California Completely Misses The Point

January 3rd, 2010 | 5 Comments | Posted in Economy

california budget

As California continues to melt down, an article today in the Oakland Tribune forecasts the challenge (tax revenue) and completely forgets where the money actually comes from.

They point out the welfare will need to be cut, along with schools, and state workers…

Enrollment in California classrooms could swell, public colleges may further limit enrollment and raise student fees, state workers could face another year of furloughs, and the poor may stop receiving welfare unless Schwarzenegger and lawmakers agree to raise revenue.

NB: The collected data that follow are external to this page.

(* Let $f\in\mathbf{SB}_n$ be nonconstant. If $\deg(f)$ is not a power of $2$, then $\mathcal{AI}(f)<2^{\lfloor\log_2\deg(f)\rfloor}$. Consequently, every nonconstant $f\in\mathbf{SB}_n$ satisfies $\mathcal{AI}(f)\le 2^{\lfloor\log_2\deg(f)\rfloor}$.
   Context: $\mathbf{SB}_n$ is the set of symmetric Boolean functions on $n$ variables; $\deg$ is the algebraic degree. The algebraic immunity is $\mathcal{AI}(f)=\min\{\deg(g): g\neq0,\ gf=0 \text{ or } g(f+1)=0\}$. *)

From mathcomp Require Import all_boot all_fingroup.
Set Implicit Arguments. Unset Strict Implicit. Unset Printing Implicit Defensive.

(* Boolean functions on n variables: maps from F_2^n (modelled as 'I_n -> bool) to F_2. *)
Definition bvec (n : nat) := {ffun 'I_n -> bool}.
Definition boolfun (n : nat) := {ffun bvec n -> bool}.

Definition supp n (x : bvec n) : {set 'I_n} := [set i | x i].

(* ANF coefficient of the monomial prod_{i in S} x_i (Moebius transform over F_2):
   a_S = XOR_{x : supp x \subset S} f x. *)
Definition anf_coef n (f : boolfun n) (S : {set 'I_n}) : bool :=
  \big[addb/false]_(x : bvec n | supp x \subset S) f x.

(* algebraic degree: max size of a monomial with nonzero ANF coefficient (0 for f = 0) *)
Definition deg n (f : boolfun n) : nat :=
  \max_(S : {set 'I_n} | anf_coef f S) #|S|.

Definition sym_boolfun n (f : boolfun n) : Prop :=
  forall (s : {perm 'I_n}) (x : bvec n), f [ffun i => x (s i)] = f x.

Definition bconst n (b : bool) : boolfun n := [ffun _ => b].

(* product g*f = 0 pointwise, and f+1 = complement *)
Definition annihilates n (g f : boolfun n) : bool := [forall x, ~~ (g x && f x)].
Definition bcompl n (f : boolfun n) : boolfun n := [ffun x => ~~ f x].

(* algebraic immunity: min deg of nonzero g with g f = 0 or g (f+1) = 0.
   The set is always nonempty (f or f+1 is nonzero and annihilates the other),
   and every degree is <= n, so the default value n.+1 is never attained. *)
Definition AI n (f : boolfun n) : nat :=
  \big[minn/n.+1]_(g : boolfun n | (g != bconst n false) &&
                     (annihilates g f || annihilates g (bcompl f))) deg g.

Definition is_pow2 (d : nat) : Prop := exists k, d = 2 ^ k.

(* Let f be a nonconstant symmetric Boolean function of degree d, and let
   M = 2^k be the largest power of 2 with M <= d < 2M.  We show AI f <= M,
   with strict inequality unless d = M.

   A symmetric f depends only on the Hamming weight: f x = F |x| for a bit
   sequence F (its weight profile).  The ANF coefficient of a monomial of
   size s is then the s-th iterated F_2-difference of F at 0, and the
   2^m-th difference is simply F j + F (j + 2^m) (Lucas).  As all
   coefficients of size > d vanish, F is 2M-periodic on [0, n].  Hence:
   - either some residue u < M has F (u + M) = F u (or u + M > n); then F is
     constant on the weights congruent to u mod M, and the indicator of
     that weight class, of degree < M, annihilates f or f + 1: AI f < M;
   - or F (w + M) = ~~ F w throughout, so the M-th difference of F is
     constantly 1, deg f <= M, i.e. d = M, and AI f <= deg f = M. *)

From mathcomp Require Import all_boot all_fingroup zify.
Set Implicit Arguments. Unset Strict Implicit. Unset Printing Implicit Defensive.

Definition wvec n w : bvec n := [ffun i : 'I_n => i < w].

Lemma card_le_n n (A : {set 'I_n}) : #|A| <= n.
Proof. by rewrite -[n in _ <= n]card_ord max_card. Qed.

Lemma card_set_count n (P : pred 'I_n) : #|[set i | P i]| = count P (enum 'I_n).
Proof. by rewrite cardsE cardE {1}/enum_mem size_filter enumT. Qed.

Lemma count_supp n (x : bvec n) : count id [seq x i | i <- enum 'I_n] = #|supp x|.
Proof. by rewrite count_map card_set_count. Qed.

Lemma card_supp_wvec n w : w <= n -> #|supp (wvec n w)| = w.
Proof.
move=> wn; rewrite card_set_count (eq_count (a2 := fun i : 'I_n => i < w)); last first.
  by move=> i; rewrite ffunE.
rewrite -(count_map val (fun i => i < w)) val_enum_ord -size_filter.
by have := filter_iota_ltn 0 wn; rewrite add0n => ->; rewrite size_iota.
Qed.

Lemma count_bool (a : pred bool) s :
  count a s = a true * count id s + a false * count negb s.
Proof.
elim: s => [|b s IH]; first by rewrite !muln0.
rewrite /= IH; case: b; case: (a true); case: (a false);
  by rewrite /= ?mul1n ?mul0n ?add0n ?addn0 ?addnS ?addSn.
Qed.

Lemma perm_eq_bool (s t : seq bool) :
  size s = size t -> count id s = count id t -> perm_eq s t.
Proof.
move=> st_size st_count; apply/seq.permP => a; rewrite (count_bool a s) (count_bool a t).
have count_negb u : count negb u = size u - count id u.
  by rewrite -(count_predC id u) addKn.
by rewrite !count_negb st_size st_count.
Qed.

Lemma sym_weight n (f : boolfun n) x :
  sym_boolfun f -> f x = f (wvec n #|supp x|).
Proof.
move=> f_sym; set w := #|supp x|.
have /tuple_permP[p wx] : perm_eq [tuple wvec n w i | i < n] [tuple x i | i < n].
  apply: perm_eq_bool; first by rewrite !size_tuple.
  by rewrite /= !count_supp card_supp_wvec ?card_le_n.
rewrite -(f_sym p x); congr (fun_of_fin f _); apply/ffunP => i.
have := congr1 (fun u => tnth u i) (val_inj wx).
by rewrite !tnth_mktuple => ->; rewrite ffunE.
Qed.

Definition D (H : nat -> bool) : nat -> bool := fun j => H j (+) H j.+1.

(* Lucas' theorem: binomial(2^m, i) is odd only for i = 0 and i = 2^m. *)
Lemma iter_D_pow2 m H j : iter (2 ^ m) D H j = H j (+) H (j + 2 ^ m).
Proof.
elim: m H j => [|m IH] H j; first by rewrite addn1.
by rewrite expnS mul2n -addnn iterD !IH addnA addbA addbK.
Qed.

Lemma iter_D_zero G N : (forall i, i <= N -> G i = false) ->
  forall t j, t + j <= N -> iter t D G j = false.
Proof.
move=> G0; elim=> [|t IH] j tjN; first exact: G0.
by rewrite /= /D !IH // -?addSnnS // (leq_trans _ tjN) // leq_add2r.
Qed.

Lemma newton G N : (forall t, t <= N -> iter t D G 0 = false) ->
  forall j, j <= N -> G j = false.
Proof.
move=> G0.
suff iterG0 j t : t + j <= N -> iter t D G j = false by move=> j /(iterG0 j 0).
elim: j t => [|j IH] t tjN; first by apply: G0; rewrite -(addn0 t).
have -> : iter t D G j.+1 = iter t.+1 D G j (+) iter t D G j.
  by rewrite /= /D; case: (iter t D G j); case: (iter t D G j.+1).
by rewrite !IH // ?addSnnS // (leq_trans _ tjN) // leq_add2l.
Qed.

Definition flip n (a : 'I_n) (x : bvec n) : bvec n :=
  [ffun i => if i == a then ~~ x i else x i].

Lemma flipK n (a : 'I_n) : involutive (flip a).
Proof. by move=> x; apply/ffunP => i; rewrite !ffunE; case: eqP => // _; rewrite negbK. Qed.

Lemma flip_subset n (a : 'I_n) (S : {set 'I_n}) (x : bvec n) : a \in S ->
  (supp (flip a x) \subset S) = (supp x \subset S).
Proof.
move=> aS.
suff flip_sub y : supp y \subset S -> supp (flip a y) \subset S.
  by apply/idP/idP => /flip_sub //; rewrite flipK.
move=> /subsetP yS; apply/subsetP => i; rewrite inE ffunE.
by case: eqP => [->//|_ yi]; apply: yS; rewrite inE.
Qed.

Lemma supp_flip n (a : 'I_n) (x : bvec n) : ~~ x a -> supp (flip a x) = a |: supp x.
Proof.
move=> xa; apply/setP => i; rewrite !inE ffunE.
by case: (eqVneq i a) => [->|]; rewrite ?xa.
Qed.

Lemma sum_weight_subsets n (H : nat -> bool) (S : {set 'I_n}) :
  \big[addb/false]_(x : bvec n | supp x \subset S) H #|supp x| = iter #|S| D H 0.
Proof.
move Es: #|S| => s; elim: s S H Es => [|s IH] S H.
  move/eqP; rewrite cards_eq0 => /eqP ->.
  have supp0 : supp [ffun _ : 'I_n => false] = set0.
    by apply/setP => i; rewrite !inE ffunE.
  rewrite (big_pred1 [ffun _ => false]) ?supp0 ?cards0 // => x /=.
  rewrite subset0; apply/eqP/eqP => [x0|->//]; apply/ffunP => i.
  rewrite ffunE; apply/negbTE; apply: contra_eqN x0 => xi.
  by apply/set0Pn; exists i; rewrite inE.
move=> Es; have /set0Pn[a aS] : S != set0 by rewrite -card_gt0 Es.
have Es' : #|S :\ a| = s by move: Es; rewrite (cardsD1 a S) aS add1n => -[].
rewrite iterSr -(IH (S :\ a) (D H) Es') (bigID (fun x : bvec n => x a)) /=.
rewrite (reindex_inj (inv_inj (flipK a))) /=.
have subD1 (x : bvec n) : (supp x \subset S :\ a) = (supp x \subset S) && ~~ x a.
  by rewrite subsetD1 inE.
rewrite [X in _ (+) X](eq_bigl (fun x : bvec n => supp x \subset S :\ a)); last first.
  by move=> x; rewrite subD1.
rewrite [X in X (+) _](eq_bigl (fun x : bvec n => supp x \subset S :\ a)); last first.
  by move=> x; rewrite subD1 flip_subset // ffunE eqxx.
rewrite -big_split /=; apply: eq_bigr => x; rewrite subD1 => /andP[_ xa].
by rewrite supp_flip // cardsU1 inE xa add1n /D addbC.
Qed.

Lemma anf_coef_weight n (h : boolfun n) H : (forall x, h x = H #|supp x|) ->
  forall S : {set 'I_n}, anf_coef h S = iter #|S| D H 0.
Proof. by move=> hH S; rewrite /anf_coef -sum_weight_subsets; apply: eq_bigr. Qed.

Lemma deg_le n (h : boolfun n) m :
  (forall S : {set 'I_n}, m < #|S| -> anf_coef h S = false) -> deg h <= m.
Proof.
by move=> h0; apply/bigmax_leqP => S hS; rewrite leqNgt; apply: contraTN hS => /h0 ->.
Qed.

Lemma deg_ge n (h : boolfun n) (S : {set 'I_n}) : anf_coef h S -> #|S| <= deg h.
Proof. exact: leq_bigmax_cond. Qed.

Lemma deg_weight_lt n (h : boolfun n) H m : 0 < m ->
  (forall x, h x = H #|supp x|) ->
  (forall j, j + m <= n -> iter m D H j = false) -> deg h < m.
Proof.
move=> m_gt0 hH Hm; rewrite -(prednK m_gt0) ltnS; apply: deg_le => S.
rewrite (prednK m_gt0) (anf_coef_weight hH) => mS.
have Sn := card_le_n S.
rewrite -(subnK mS) iterD; apply: (iter_D_zero (N := n - m)).
  by move=> i i_le; apply: Hm; rewrite addnC -leq_subRL // (leq_trans mS).
by rewrite addn0 leq_sub2r.
Qed.

Lemma weight_coef_deg n (f : boolfun n) F s : (forall x, f x = F #|supp x|) ->
  deg f < s <= n -> iter s D F 0 = false.
Proof.
move=> fF /andP[ds sn]; apply: negbTE; apply: contraTN ds => Fs.
by rewrite -leqNgt -{1}(card_supp_wvec sn) deg_ge // (anf_coef_weight fF) card_supp_wvec.
Qed.

Lemma bigmin_leq (I : eqType) (r : seq I) (P : pred I) (F : I -> nat) m j :
  j \in r -> P j -> \big[minn/m]_(i <- r | P i) F i <= F j.
Proof.
elim: r => //= i r IH; rewrite inE big_cons => /orP[/eqP <- -> | jr Pj].
  exact: geq_minl.
by case: (P i); [apply: leq_trans (geq_minr _ _) (IH jr Pj) | apply: IH].
Qed.

Lemma AI_le n (f g : boolfun n) : g != bconst n false ->
  annihilates g f || annihilates g (bcompl f) -> AI f <= deg g.
Proof. by move=> g0 g_ann; apply: bigmin_leq; rewrite ?mem_index_enum ?g0. Qed.

Lemma anf_coef_compl n (f : boolfun n) (S : {set 'I_n}) : 0 < #|S| ->
  anf_coef (bcompl f) S = anf_coef f S.
Proof.
move=> S_gt0; rewrite /anf_coef (eq_bigr (fun x => f x (+) true)); last first.
  by move=> x _; rewrite ffunE addbT.
rewrite big_split /= (sum_weight_subsets (fun _ => true)) -(prednK S_gt0) iterSr.
by rewrite (iter_D_zero (N := #|S|.-1)) ?addbF ?addn0.
Qed.

(* f + 1 annihilates f, hence AI f <= deg f unless f = 1. *)
Lemma AI_le_deg n (f : boolfun n) : f <> bconst n true -> AI f <= deg f.
Proof.
move=> f1; apply: leq_trans (AI_le (g := bcompl f) _ _) _.
- apply: contra_not_neq f1 => /ffunP f0; apply/ffunP => x.
  by move: (f0 x); rewrite !ffunE; case: (f x).
- by apply/orP; left; apply/forallP => x; rewrite ffunE andNb.
apply: deg_le => S dS; rewrite anf_coef_compl ?(leq_ltn_trans _ dS) //.
by apply: negbTE; apply: contraTN dS => /deg_ge; rewrite -leqNgt.
Qed.

Lemma profile_periodic n m (F : nat -> bool) :
  (forall s, 2 ^ m <= s <= n -> iter s D F 0 = false) ->
  forall j, j + 2 ^ m <= n -> F (j + 2 ^ m) = F j.
Proof.
move=> F0 j jn.
have : iter (2 ^ m) D F j = false.
  apply: (newton (N := n - 2 ^ m)) => [t tn|]; last by lia.
  by rewrite -iterD F0 //; apply/andP; split; lia.
by rewrite iter_D_pow2; case: (F j); case: (F (j + 2 ^ m)).
Qed.

Lemma weight_deg0 n (f : boolfun n) F : (forall x, f x = F #|supp x|) ->
  deg f = 0 -> f = bconst n (F 0).
Proof.
move=> fF d0.
have Fstep j : j + 1 <= n -> F (j + 1) = F j.
  apply: (profile_periodic (m := 0)) => s /andP[s_gt0 sn].
  by apply: weight_coef_deg fF _; rewrite d0 s_gt0.
have Fconst w : w <= n -> F w = F 0.
  by elim: w => // w IH wn; rewrite -addn1 Fstep ?addn1 // IH // ltnW.
by apply/ffunP => x; rewrite fF Fconst ?card_le_n // ffunE.
Qed.

Lemma residue_const n M (F : nat -> bool) u :
  (forall j, j + (M + M) <= n -> F (j + (M + M)) = F j) ->
  (u + M <= n -> F (u + M) = F u) ->
  forall w, w <= n -> w %% M = u -> F w = F u.
Proof.
move=> Fper Fu w wn wu; rewrite (divn_eq w M) wu in wn *.
move: (w %/ M) wn; elim/ltn_ind => -[|[|q]] IH qn.
- by rewrite mul0n add0n.
- by rewrite mul1n addnC Fu //; lia.
have -> : q.+2 * M + u = (q * M + u) + (M + M) by rewrite !mulSn; lia.
by rewrite Fper ?IH //; rewrite !mulSn in qn *; lia.
Qed.

Lemma alternating n M (F : nat -> bool) : 0 < M ->
  (forall j, j + (M + M) <= n -> F (j + (M + M)) = F j) ->
  (forall u, u < M -> u + M <= n -> F (u + M) = ~~ F u) ->
  forall w, w + M <= n -> F (w + M) = ~~ F w.
Proof.
move=> M_gt0 Fper Fbase; elim/ltn_ind => w IH wn.
case: (ltnP w M) => [wM | Mw]; first exact: Fbase.
have wE : w = (w - M) + M by rewrite subnK.
by rewrite wE -addnA Fper ?IH ?negbK //; lia.
Qed.

Lemma AI_lt_residue n (f : boolfun n) F k u :
  (forall x, f x = F #|supp x|) -> u < 2 ^ k -> u <= n ->
  (forall w, w <= n -> w %% 2 ^ k = u -> F w = F u) -> AI f < 2 ^ k.
Proof.
move=> fF uM un Fu.
pose H w := w %% 2 ^ k == u; pose g : boolfun n := [ffun x => H #|supp x|].
have gH x : g x = H #|supp x| by rewrite ffunE.
have M_gt0 : 0 < 2 ^ k by rewrite expn_gt0.
apply: leq_ltn_trans (AI_le (g := g) _ _) (deg_weight_lt M_gt0 gH _).
- apply/eqP => /ffunP /(_ (wvec n u)).
  by rewrite !ffunE card_supp_wvec // /H modn_small // eqxx.
- apply/orP; case Fu_b: (F u); [right|left]; apply/forallP => x; rewrite !ffunE fF /H;
    by case: eqP => //= /(Fu _ (card_le_n (supp x))) ->; rewrite Fu_b.
- by move=> j _; rewrite iter_D_pow2 /H modnDr addbb.
Qed.

(* If F (w + 2^k) = ~~ F w, the 2^k-th difference is constantly 1, so deg f <= 2^k. *)
Lemma deg_alternating n (f : boolfun n) F k :
  (forall x, f x = F #|supp x|) ->
  (forall w, w + 2 ^ k <= n -> F (w + 2 ^ k) = ~~ F w) -> deg f <= 2 ^ k.
Proof.
move=> fF Falt; rewrite -ltnS; apply: deg_weight_lt fF _ => // j jn.
by rewrite /= /D !iter_D_pow2 !Falt ?addbN ?addbb //; lia.
Qed.

Theorem proposition1 (n : nat) (f : boolfun n) :
  sym_boolfun f ->
  f <> bconst n false -> f <> bconst n true ->
  (~ is_pow2 (deg f) -> AI f < 2 ^ trunc_log 2 (deg f)) /\
  AI f <= 2 ^ trunc_log 2 (deg f).
Proof.
move=> f_sym f0 f1.
pose F w := f (wvec n w).
have fF x : f x = F #|supp x| := sym_weight x f_sym.
set d := deg f; set k := trunc_log 2 d; set M := 2 ^ k.
have d_gt0 : 0 < d.
  by rewrite lt0n; apply/eqP => /(weight_deg0 fF); case: (F 0).
have dn : d <= n by apply: deg_le => S; rewrite ltnNge card_le_n.
have /andP[Md dM2] : M <= d < 2 ^ k.+1 by rewrite trunc_logP ?trunc_log_ltn.
(* All coefficients above d vanish, so the profile has period 2M = 2^(k+1). *)
have Fper : forall j, j + (M + M) <= n -> F (j + (M + M)) = F j.
  rewrite addnn -mul2n -expnS; apply: profile_periodic => s /andP[Ms sn].
  by apply: weight_coef_deg fF _; rewrite sn (leq_trans dM2).
have M_gt0 : 0 < M by rewrite expn_gt0.
(* Either some residue class mod M has the same value at u and u + M ... *)
case: (boolP [exists u : 'I_M, (u + M <= n) ==> (F (u + M) == F u)]).
  case/existsP => u /implyP Fu.
  have AI_lt : AI f < M.
    have uM := ltn_ord u.
    apply: (AI_lt_residue fF uM); first by lia.
    by apply: residue_const Fper _ => /Fu /eqP.
  by split=> [_ //|]; apply: ltnW.
(* ... or F alternates with step M, which forces d = M. *)
rewrite negb_exists => /forallP Fbase.
have Falt : forall w, w + M <= n -> F (w + M) = ~~ F w.
  apply: alternating M_gt0 Fper _ => u uM uMn.
  by move: (Fbase (Ordinal uM)); rewrite /= uMn /=; case: (F u); case: (F (u + M)).
have dM : d <= M := deg_alternating fF Falt.
split; last exact: leq_trans (AI_le_deg f1) dM.
by move=> not_pow2; exfalso; apply: not_pow2; exists k; apply/eqP; rewrite eqn_leq dM.
Qed.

Since February, California has made nearly $60 billion in adjustments to its annual spending plan. That has come in the form of cuts to education and social service programs, temporary hikes in the sales and income taxes, an increase in the vehicle license fee and one-time infusions of cash from the federal stimulus package.

The stimulus funding and temporary taxes will begin to end at the end of 2010, leaving less revenue for the second half of the fiscal year that will begin in July. Compounding California’s problem are lawsuits that have reversed several of this year’s budget decisions, contributing to a $6 billion deficit in the current fiscal year.

The state also has been unable to adopt prison and health care cuts it passed in the last budget.

Here’s a novel idea:

Make the state friendly to business and people who pay taxes. Raise tax revenue by allowing people to make money. Profits = Jobs = Tax Revenue.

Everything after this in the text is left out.